Midas Investment - Soft Long on ETH Expected Returns
This is how Midas present the expected returns of the soft long on ETH investment pool:
[Fees from ETH-USDC liquidity pool (~13% ROI) + trading fees from Uniswap (~10% ROI)] * 2 (Alpha Homora leverage) – borrow APR for leverage (0.8%) = approximately 45% ROI.
(13+10)*2 – 0.8 = 45%
Midas Soft Long on ETH Pros and Cons
- Efficiency. You will earn high yields at the same time as you have exposure to the ETH price.
- Liquid asset. You can enter and exit the investment pool at any time
- Transparency. You can track the performance via on-chain analytics
- Limited Availability. The availability of this strategy is calculated based on the liquidity within the strategy and can be limited.
- Defi Protocol Risk. Even if Midas builds strategies on top of fully audited protocols that have proven their sustainability there are always risks with Defi protocols.
Midas Soft Long on ETH Fees
There are performance fees and swap fees.
Performance fee: 15% of weekly profit (only if the strategy has generated profit); fees are deducted directly from each week’s strategy shares. The user retains the same number of SLETH tokens, but the price of each token is less than the success reward.
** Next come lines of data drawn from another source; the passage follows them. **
(* Let $\mathscr{Y}\in\mathbb{R}^{m\times1\times n_3}$ and $\mathscr{V}\in\mathbb{R}^{n\times ms\times n_3}$ be such that $\mathscr{V}^T\diamondsuit\mathscr{V}=\mathscr{I}_{mmn_3}$. Then $\|\mathscr{V}\star(\mathscr{Y}\circledast\mathscr{I}_{ssn_3})\|_F=\|\mathscr{Y}\|_{T_{\ell_2}}$.
   Context: All tensors are real third-order arrays; $\|\cdot\|_F$ is the Frobenius norm (square root of the sum of squares of all entries). $\widehat{\mathscr{A}}=\mathscr{A}\times_3F_{n_3}$ denotes the tensor obtained by applying the discrete Fourier transform ($F_{n_3}$ with entries $\omega^{(i-1)(j-1)}$, $\omega=e^{-2\pi\mathrm{i}/n_3}$) to each tube; its frontal slices $\hat A^{(k)}$ are the Fourier slices. T-product: $\mathscr{A}\star\mathscr{B}$ has Fourier slices $\hat A^{(k)}\hat B^{(k)}$. Transpose $\mathscr{A}^T$: transpose each frontal slice and reverse the order of frontal slices $2,\dots,n_3$. $\mathscr{I}_{nnn_3}$: first frontal slice $I_n$, others zero. T-Kronecker product $\mathscr{A}\circledast\mathscr{B}$: Fourier slices $\hat A^{(k)}\otimes\hat B^{(k)}$. T-trace: the tube in $\mathbb{R}^{1\times1\times n_3}$ whose $k$-th Fourier slice is the trace of the $k$-th Fourier slice. Tubal inner product $\langle\mathscr{X},\mathscr{Y}\rangle_T=\text{T-trace}(\mathscr{X}^T\star\mathscr{Y})$. T-diamond product: for $\mathscr{V}=[\mathscr{V}_1,\dots,\mathscr{V}_m]$ with blocks $\mathscr{V}_i\in\mathbb{R}^{n\times s\times n_3}$, $\mathscr{V}^T\diamondsuit\mathscr{V}\in\mathbb{R}^{m\times m\times n_3}$ has $(i,j)$ tube $\langle\mathscr{V}_i,\mathscr{V}_j\rangle_T$. T-$\ell_2$ norm of $\mathscr{Y}\in\mathbb{R}^{m\times1\times n_3}$: $\|\mathscr{Y}\|_{T_{\ell_2}}=\frac{1}{\sqrt{n_3}}\big(\sum_{k=1}^{n_3}\|\hat Y^{(k)}\|_2^2\big)^{1/2}$, where $\hat Y^{(k)}\in\mathbb{C}^m$ are the Fourier slices. *)

From HB Require Import structures.
From mathcomp Require Import all_boot all_order all_algebra.
From mathcomp Require Import complex mxtens.
From mathcomp Require Import reals trigo.
Set Implicit Arguments. Unset Strict Implicit. Unset Printing Implicit Defensive.
Import Order.TTheory GRing.Theory Num.Theory.
Local Open Scope ring_scope.

Section Tensors.
Variable R : realType.

(* A real third-order tensor in R^{n1 x n2 x n3}, given by its frontal
   slices (0-indexed: slice k : 'I_n3 is the (k+1)-th frontal slice). *)
Definition tensor (n1 n2 n3 : nat) := 'I_n3 -> 'M[R]_(n1, n2).

Definition omega (n3 : nat) : R[i] :=
  Complex (cos (2 * pi / n3%:R)) (- sin (2 * pi / n3%:R)).

Definition fslice {n1 n2 n3} (A : tensor n1 n2 n3) (k : 'I_n3)
  : 'M[R[i]]_(n1, n2) :=
  \sum_(j < n3) (omega n3 ^+ (k * j)) *: map_mx (fun x : R => (x%:C)%C) (A j).

(* The (real) tensor whose Fourier slices are F : inverse DFT along tubes.
   (Real part taken to land in real tensors; all uses below have
   conjugate-symmetric Fourier slices so the inverse DFT is already real.) *)
Definition of_fslices {n1 n2 n3} (F : 'I_n3 -> 'M[R[i]]_(n1, n2))
  : tensor n1 n2 n3 :=
  fun j => map_mx (fun z : R[i] => complex.Re z)
    ((n3%:R)^-1 *: \sum_(k < n3) ((omega n3 ^+ (k * j))^-1 *: F k)).

Definition tprod {n1 n2 n4 n3} (A : tensor n1 n2 n3) (B : tensor n2 n4 n3)
  : tensor n1 n4 n3 :=
  of_fslices (fun k => fslice A k *m fslice B k).

Lemma negord_proof n (k : 'I_n) : ((n - k) %% n < n)%N.
Proof. by rewrite ltn_pmod // (leq_ltn_trans (leq0n k) (ltn_ord k)). Qed.
Definition negord {n} (k : 'I_n) : 'I_n := Ordinal (negord_proof k).

(* Transpose: transpose each frontal slice, reverse the order of slices 2..n3 *)
Definition ttrans {n1 n2 n3} (A : tensor n1 n2 n3) : tensor n2 n1 n3 :=
  fun k => (A (negord k))^T.

Definition tid (n n3 : nat) : tensor n n n3 :=
  fun k => if val k == 0%N then 1%:M else 0.

Definition tkron {m1 n1 m2 n2 n3} (A : tensor m1 n1 n3) (B : tensor m2 n2 n3)
  : tensor (m1 * m2) (n1 * n2) n3 :=
  of_fslices (fun k => fslice A k *t fslice B k).

Definition ttrace {n n3} (X : tensor n n n3) : tensor 1 1 n3 :=
  of_fslices (fun k => (\tr (fslice X k))%:M).

Definition tinner {n1 n2 n3} (X Y : tensor n1 n2 n3) : tensor 1 1 n3 :=
  ttrace (tprod (ttrans X) Y).

(* i-th lateral block V_i in R^{n x s x n3} of V = [V_1, ..., V_m] *)
Definition tblock {n m s n3} (V : tensor n (m * s) n3) (i : 'I_m)
  : tensor n s n3 :=
  fun k => \matrix_(a, b) V k a (mxtens_index (i, b)).

Definition tdiamond {n m s n3} (V : tensor n (m * s) n3) : tensor m m n3 :=
  fun k => \matrix_(i, j) tinner (tblock V i) (tblock V j) k 0 0.

Definition frob {n1 n2 n3} (A : tensor n1 n2 n3) : R :=
  Num.sqrt (\sum_(k < n3) \sum_(a < n1) \sum_(b < n2) A k a b ^+ 2).

Definition tl2 {m n3} (Y : tensor m 1 n3) : R :=
  (Num.sqrt n3%:R)^-1 *
  Num.sqrt (\sum_(k < n3) \sum_(a < m) Normc.normc (fslice Y k a 0) ^+ 2).

End Tensors.

From HB Require Import structures.
From mathcomp Require Import all_boot all_order all_algebra.
From mathcomp Require Import complex mxtens.
From mathcomp Require Import reals trigo.
From mathcomp Require Import ring lra zify.
Set Implicit Arguments.
Unset Strict Implicit.
Unset Printing Implicit Defensive.
Import Order.TTheory GRing.Theory Num.Theory.
Local Open Scope ring_scope.

(* Work one Fourier slice at a time.  Since omega is a primitive n3-th root
   of unity, the DFT along tubes inverts [of_fslices] on conjugate-symmetric
   families (which the Fourier slices of real tensors are) and satisfies
   Parseval's identity n3 ||A||_F^2 = sum_k ||hat A^(k)||_F^2.  Hence Fourier
   slices turn T-products, T-Kronecker products, T-transposes and T-traces into
   the corresponding matrix operations, and V^T <> V = I says that in every
   slice the blocks hat V_i^(k) are orthonormal for the Frobenius inner product.
   The k-th slice of V ⋆ (Y ⊛ I) is sum_i hat Y_i^(k) hat V_i^(k), whose squared
   norm is sum_i |hat Y_i^(k)|^2 by Pythagoras; summing over k and applying
   Parseval gives the claim. *)

Lemma negordK n : involutive (@negord n).
Proof.
move=> [k lt_kn]; apply: val_inj => /=.
case: k lt_kn => [|k] lt_kn; first by rewrite subn0 modnn subn0 modnn.
by rewrite (@modn_small (n - k.+1)) ?subKn ?modn_small //; lia.
Qed.

Lemma negord_inj n : injective (@negord n).
Proof. exact: inv_inj (@negordK n). Qed.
From Stables to Strategy — 0% platform fee + ~0.2% market spread
From ETH to Strategy — 0.3% platform fee + ~0.2% market spread
From BTC to Strategy — 0.3% platform fee + ~0.2% market spread
From MIDAS to Strategy — 1.1% platform fee + ~0.2-0.8% market spread
From all others to Strategy — 0.2% platform fee + ~0.2-0.8% market spread
MIDAS buyback: 2% (of the 15%) shall be used toward a MIDAS token buyback.
Midas GLP Index Token Review
We invested $4000 USDC in the Midas Investment GLP Index Token CeDefi strategy on the 23rd of September 2022, as shown with a dot marked in the print screen below.
On the 1st of November, $4285 corresponds to a 7% increase.
Description GLP Index Token Strategy
The GLP Index Token Cedefi strategy from Midas Investment is an excellent, reasonably low-risk way to receive exposure to ETH and BTC along with a significant and sustainable ETH yield (~30%).
Stablecoins account for around 40-45% of the index, while BTC and ETH have rounded out the remaining 50-55% of the index.
The GLP index token Cedefi strategy is, therefore, similar to a soft long exposure on ETH (~0.25x) and BTC (~0.25x).
In addition, investors will be eligible for ETH-denominated yield derived from activities performed by traders from the decentralized trading platform GMX.
The GLP token index Cedefi strategy will perform best during choppy markets when traders are most likely to lose money.
GLP Index Token Sources of yield
- 20% of the total yield comes from fees paid by traders on GMX. Fees are collected from swapping assets using GLP liquidity, opening and closing their leveraged positions on GMX, and liquidations on GMX.
- 80% of the total yield comes from traders’ losses: When traders lose money, their net losses are GLP’s net profits. GLP is effectively the counterparty for traders.